◆ **TASK MATERIAL**
------------------------------------------------------------------------
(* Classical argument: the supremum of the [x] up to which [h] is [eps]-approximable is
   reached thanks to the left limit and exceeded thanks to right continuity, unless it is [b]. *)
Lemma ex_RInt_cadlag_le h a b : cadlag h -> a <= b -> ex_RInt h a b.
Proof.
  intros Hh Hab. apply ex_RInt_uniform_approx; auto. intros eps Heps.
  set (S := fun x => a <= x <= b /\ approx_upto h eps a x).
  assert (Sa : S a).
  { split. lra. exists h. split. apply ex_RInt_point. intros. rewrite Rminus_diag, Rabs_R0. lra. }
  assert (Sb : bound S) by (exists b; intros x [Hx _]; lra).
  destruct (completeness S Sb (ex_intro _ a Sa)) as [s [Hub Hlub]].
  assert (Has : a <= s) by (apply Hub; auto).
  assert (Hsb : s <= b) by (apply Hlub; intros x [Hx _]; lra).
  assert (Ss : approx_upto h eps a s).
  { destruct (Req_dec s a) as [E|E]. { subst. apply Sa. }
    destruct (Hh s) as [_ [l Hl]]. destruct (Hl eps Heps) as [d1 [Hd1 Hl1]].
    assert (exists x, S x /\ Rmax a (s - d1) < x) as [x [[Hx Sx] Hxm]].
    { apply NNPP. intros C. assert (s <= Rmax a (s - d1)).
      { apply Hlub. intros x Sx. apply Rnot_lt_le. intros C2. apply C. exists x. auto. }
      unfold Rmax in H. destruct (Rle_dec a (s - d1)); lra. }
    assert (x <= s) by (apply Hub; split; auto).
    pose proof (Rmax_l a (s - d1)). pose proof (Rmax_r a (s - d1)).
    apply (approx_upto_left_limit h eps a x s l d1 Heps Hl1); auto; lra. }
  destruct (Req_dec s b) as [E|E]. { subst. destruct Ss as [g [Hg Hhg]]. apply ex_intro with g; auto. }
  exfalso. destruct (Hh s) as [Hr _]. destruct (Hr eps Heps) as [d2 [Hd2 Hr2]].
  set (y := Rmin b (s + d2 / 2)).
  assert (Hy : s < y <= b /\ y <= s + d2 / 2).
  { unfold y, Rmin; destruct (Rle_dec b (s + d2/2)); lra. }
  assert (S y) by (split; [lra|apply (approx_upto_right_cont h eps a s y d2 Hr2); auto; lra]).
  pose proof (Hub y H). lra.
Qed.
------------------------------------------------------------------------
◆ **AIM OF THE TASK**
Each line of the material should be returned exactly as it stands.

◆ **WRITTEN RESPONSE**
(* Classical argument: the supremum of the [x] up to which [h] is [eps]-approximable is
   reached thanks to the left limit and exceeded thanks to right continuity, unless it is [b]. *)
Lemma ex_RInt_cadlag_le h a b : cadlag h -> a <= b -> ex_RInt h a b.
Proof.
  intros Hh Hab. apply ex_RInt_uniform_approx; auto. intros eps Heps.
  set (S := fun x => a <= x <= b /\ approx_upto h eps a x).
  assert (Sa : S a).
  { split. lra. exists h. split. apply ex_RInt_point. intros. rewrite Rminus_diag, Rabs_R0. lra. }
  assert (Sb : bound S) by (exists b; intros x [Hx _]; lra).
  destruct (completeness S Sb (ex_intro _ a Sa)) as [s [Hub Hlub]].
  assert (Has : a <= s) by (apply Hub; auto).
  assert (Hsb : s <= b) by (apply Hlub; intros x [Hx _]; lra).
  assert (Ss : approx_upto h eps a s).
  { destruct (Req_dec s a) as [E|E]. { subst. apply Sa. }
    destruct (Hh s) as [_ [l Hl]]. destruct (Hl eps Heps) as [d1 [Hd1 Hl1]].
    assert (exists x, S x /\ Rmax a (s - d1) < x) as [x [[Hx Sx] Hxm]].
    { apply NNPP. intros C. assert (s <= Rmax a (s - d1)).
      { apply Hlub. intros x Sx. apply Rnot_lt_le. intros C2. apply C. exists x. auto. }
      unfold Rmax in H. destruct (Rle_dec a (s - d1)); lra. }
    assert (x <= s) by (apply Hub; split; auto).
    pose proof (Rmax_l a (s - d1)). pose proof (Rmax_r a (s - d1)).
    apply (approx_upto_left_limit h eps a x s l d1 Heps Hl1); auto; lra. }
  destruct (Req_dec s b) as [E|E]. { subst. destruct Ss as [g [Hg Hhg]]. apply ex_intro with g; auto. }
  exfalso. destruct (Hh s) as [Hr _]. destruct (Hr eps Heps) as [d2 [Hd2 Hr2]].
  set (y := Rmin b (s + d2 / 2)).
  assert (Hy : s < y <= b /\ y <= s + d2 / 2).
  { unfold y, Rmin; destruct (Rle_dec b (s + d2/2)); lra. }
  assert (S y) by (split; [lra|apply (approx_upto_right_cont h eps a s y d2 Hr2); auto; lra]).
  pose proof (Hub y H). lra.
Qed.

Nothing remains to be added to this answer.